Bush met with Slovak leaders including President Ivan Gašparovič and Prime Minister Mikuláš Dzurinda. On 24 February Bush also gave a public speech in Hviezdoslav Square (Hviezdoslavovo námestie) in Bratislava.

Topics of discussion at the summit are partly private, but included Russian democracy (this was the main topic at the subsequent press conference), the situation in Iran, the North Korean nuclear talks and other international topics. One of the objects of the summit activities was to improve relations between the U.S. and Europe. Notably, Slovakia is an ally of the U.S. in the Iraq War and contributed troops to the Coalition of the willing.

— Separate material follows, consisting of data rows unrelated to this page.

(* A complete run of Algorithm AdapFGM: sequences Ls (L_k), al (alpha_k),
   A (A_k), y, u, x, and the line-search exponents i_k.  The oracle used at
   iteration k is (fo k, go k) = (f_{delta_k}, grad f_{delta_k}). *)
Definition adapfgm_run (R : realType) (n : nat) (Q : set 'rV[R]_n)
  (d : 'rV[R]_n -> R) (fo : nat -> 'rV[R]_n -> R)
  (go : nat -> 'rV[R]_n -> 'rV[R]_n) (delta : nat -> R)
  (x0 : 'rV[R]_n) (L0 : R)
  (Ls al A : nat -> R) (y u x : nat -> 'rV[R]_n) (i : nat -> nat) : Prop :=
  [/\ Ls 0%N = L0, al 0%N = 0 /\ A 0%N = 0, y 0%N = x0 /\ u 0%N = x0 /\ x 0%N = x0 &
   forall k : nat,
     [/\ Ls k.+1 = 2 ^+ (i k) / 2 * Ls k,
         adap_trial Q d (fo k) (go k) (A k) (x k) (u k)
           (Ls k.+1) (al k.+1) (A k.+1) (y k.+1) (u k.+1) (x k.+1),
         adap_test d (fo k) (go k) (delta k) (Ls k.+1) (y k.+1) (x k.+1)
       & forall j : nat, (j < i k)%N ->
           exists (a' A' : R) (y' u' x' : 'rV[R]_n),
             adap_trial Q d (fo k) (go k) (A k) (x k) (u k)
               (2 ^+ j / 2 * Ls k) a' A' y' u' x' /\
             ~ adap_test d (fo k) (go k) (delta k) (2 ^+ j / 2 * Ls k) y' x']].

From HB Require Import structures.
From mathcomp Require Import all_boot all_order all_algebra.
From mathcomp Require Import all_classical all_reals all_analysis.
From mathcomp Require Import ring lra.

Set Implicit Arguments.
Unset Strict Implicit.
Unset Printing Implicit Defensive.

Import Order.TTheory GRing.Theory Num.Theory.
Import numFieldNormedType.Exports.
Local Open Scope classical_set_scope.
Local Open Scope ring_scope.

(** Each accepted step of AdapFGM satisfies, for every [z] in [Q],
    [A_{k+1} f(x_{k+1}) <= A_k f(x_k) + alpha_{k+1} f(z) + V(z,u_k) - V(z,u_{k+1}) + 2 A_{k+1} delta_k]:
    the lower linear model of [f] supplied by the oracle at [y_{k+1}] is affine, the prox
    step gives the three-point inequality, and triangular scaling with [gamma = 2] turns
    [L_{k+1} V(x_{k+1},y_{k+1})] into [V(u_{k+1},u_k) / A_{k+1}] because
    [A_{k+1} = L_{k+1} alpha_{k+1}^2].  Summing these inequalities telescopes.
    Every trial constant [>= L] passes the line-search test, so the accepted ones stay
    below [2L], whence [sqrt A_{k+1} - sqrt A_k >= 1 / (2 sqrt (2L))] and [A_N >= (N+1)^2 / (8L)]. *)

Section Differential.
Variables (R : realType) (n : nat) (d : 'rV[R]_n -> R) (u v : 'rV[R]_n).
Hypothesis du : differentiable d u.

Lemma diff_quotient_at_right :
  (fun h : R => h^-1 * (d (h *: v + u) - d u)) @ 0^'+ --> 'd d u v.
Proof.
rewrite -deriveE //.
have /cvg_ex[l hl] : derivable d u v by exact: diff_derivable.
rewrite /derive (cvg_lim _ hl) //.
apply: cvg_trans hl; apply: cvg_app => A [e e0 Ae].
by exists e => // h he h0; apply: Ae => //; exact: lt0r_neq0.
Qed.

Lemma diff_ge_quotient c :
  (forall t : R, 0 < t <= 1 -> t * c <= d (t *: v + u) - d u) -> c <= 'd d u v.
Proof.
move=> H; apply: cvgr_to_ge diff_quotient_at_right _.
near=> h; have h0 : 0 < h by near: h; exact: nbhs_right_gt.
have h1 : h <= 1 by near: h; exact: nbhs_right_le.
by rewrite ler_pdivlMl //; apply: H; rewrite h0 h1.
Unshelve. all: by end_near. Qed.

Lemma diff_le_quotient c :
  (forall t : R, 0 < t <= 1 -> d (t *: v + u) - d u <= t * c) -> 'd d u v <= c.
Proof.
move=> H; apply: cvgr_to_le diff_quotient_at_right _.
near=> h; have h0 : 0 < h by near: h; exact: nbhs_right_gt.
have h1 : h <= 1 by near: h; exact: nbhs_right_le.
by rewrite ler_pdivrMl //; apply: H; rewrite h0 h1.
Unshelve. all: by end_near. Qed.
End Differential.

Lemma convex_combE (R : pzRingType) (V : lmodType R) (x z : V) (t : R) :
  t *: x + (1 - t) *: z = t *: (x - z) + z.
Proof. by rewrite scalerBr scalerBl scale1r addrCA addrC. Qed.

Section DualPair.
Variables (R : realType) (n : nat).
Implicit Types (g x y : 'rV[R]_n).

Lemma dual_pairD g x y : dual_pair g (x + y) = dual_pair g x + dual_pair g y.
Proof. by rewrite /dual_pair -big_split; apply: eq_bigr => i _; rewrite mxE mulrDr. Qed.

Lemma dual_pairZ g (a : R) x : dual_pair g (a *: x) = a * dual_pair g x.
Proof. by rewrite /dual_pair mulr_sumr; apply: eq_bigr => i _; rewrite mxE mulrCA. Qed.

Lemma dual_pairB g x y : dual_pair g (x - y) = dual_pair g x - dual_pair g y.
Proof. by rewrite -scaleN1r dual_pairD dual_pairZ mulN1r. Qed.

Lemma dual_pairxx g x : dual_pair g (x - x) = 0.
Proof. by rewrite dual_pairB subrr. Qed.

End DualPair.

Section Bregman.
Variables (R : realType) (n : nat) (d : 'rV[R]_n -> R).
Implicit Types (x z u w : 'rV[R]_n).

Lemma bregmanxx x : bregman d x x = 0.
Proof. by rewrite /bregman !subrr raddf0 subrr. Qed.

Lemma bregman_three_point z u w :
  bregman d z u - bregman d z w - bregman d w u = 'd d w (z - w) - 'd d u (z - w).
Proof.
have dD : 'd d u (z - u) = 'd d u (z - w) + 'd d u (w - u).
  by rewrite -raddfD addrA subrK.
(* Comparing differentials at distinct points makes [lra] and [rewrite]
   unfold [diff]; the identity is therefore stated over opaque reals. *)
have identity (a b c p q r s : R) :
  p = q + r -> a - b - p - (a - c - s) - (c - b - r) = s - q.
  by move=> ->; ring.
exact: identity dD.
Qed.

Lemma bregman_ge0 (nrm : 'rV[R]_n -> R) (Q : set 'rV[R]_n) z u :
  strongly_convex1_on nrm Q d -> Q z -> Q u -> differentiable d u ->
  0 <= bregman d z u.
Proof.
move=> sc Qz Qu du; rewrite /bregman subr_ge0.
apply: diff_le_quotient => // t /andP[t0 t1].
have := sc z u t Qz Qu; rewrite (ltW t0) t1 => /(_ isT).
rewrite convex_combE.
have : 0 <= t * (1 - t) / 2 * nrm (z - u) ^+ 2.
  by rewrite mulr_ge0 ?sqr_ge0 // mulr_ge0 // mulr_ge0; lra.
lra.
Qed.

Lemma argmin_three_point (Q : set 'rV[R]_n) (a : R) g y u w z :
  convex_set_E Q -> (forall v, Q v -> differentiable d v) ->
  is_argmin Q (fun v => a * dual_pair g (v - y) + bregman d v u) w -> Q z ->
  a * dual_pair g (w - z) <= bregman d z u - bregman d z w - bregman d w u.
Proof.
move=> cQ dQ [Qw minw] Qz; rewrite bregman_three_point lerBrDr.
apply: diff_ge_quotient; first exact: dQ.
move=> t /andP[t0 t1].
have Qwt : Q (t *: (z - w) + w) by rewrite -convex_combE; apply: cQ; rewrite ?(ltW t0).
have dD : 'd d u (t *: (z - w) + (w - u)) = t * 'd d u (z - w) + 'd d u (w - u).
  by rewrite linearD linearZ.
have := minw _ Qwt; rewrite /bregman -[t *: _ + w - y]addrA -[t *: _ + w - u]addrA dD.
rewrite (dual_pairD g (t *: _)) dual_pairZ (dual_pairB g w z) (dual_pairB g z w).
lra.
Qed.

End Bregman.

Lemma largest_root_gt0 (R : realType) (Ak L' a : R) :
  0 <= Ak -> 0 < L' -> largest_root Ak L' a -> 0 < a.
Proof.
move=> Ak0 L'0 [_ maxa].
set s := Num.sqrt (1 + 4 * L' * Ak).
have s2 : s ^+ 2 = 1 + 4 * L' * Ak by rewrite sqr_sqrtr // addr_ge0 // !mulr_ge0 // ltW.
have /maxa : Ak + (1 + s) / (2 * L') = L' * ((1 + s) / (2 * L')) ^+ 2.
  have L'_neq0 : L' != 0 by rewrite gt_eqF.
  have -> : Ak = (s ^+ 2 - 1) / (4 * L') by rewrite s2; field.
  by field.
apply: lt_le_trans; apply: divr_gt0; last lra.
by rewrite ltr_pwDl ?sqrtr_ge0.
Qed.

In conjunction with the summit, a conference, "A New Quest for Democracy", was held in Bratislava by the Marshall Fund in conjunction with Slovak partners, to which mainly past or contemporaneous "fighters" for democracy from Eastern Europe (incl. Belarus, Serbia etc.) were invited.

Both first ladies visited the famous Primate's Palace. The US first lady opened a department of the University Library in Bratislava (which was being restored and modernized at that time) that was devoted to US literature and studies. The Russian first lady opened a similar department for Russian literature in the same library one day later.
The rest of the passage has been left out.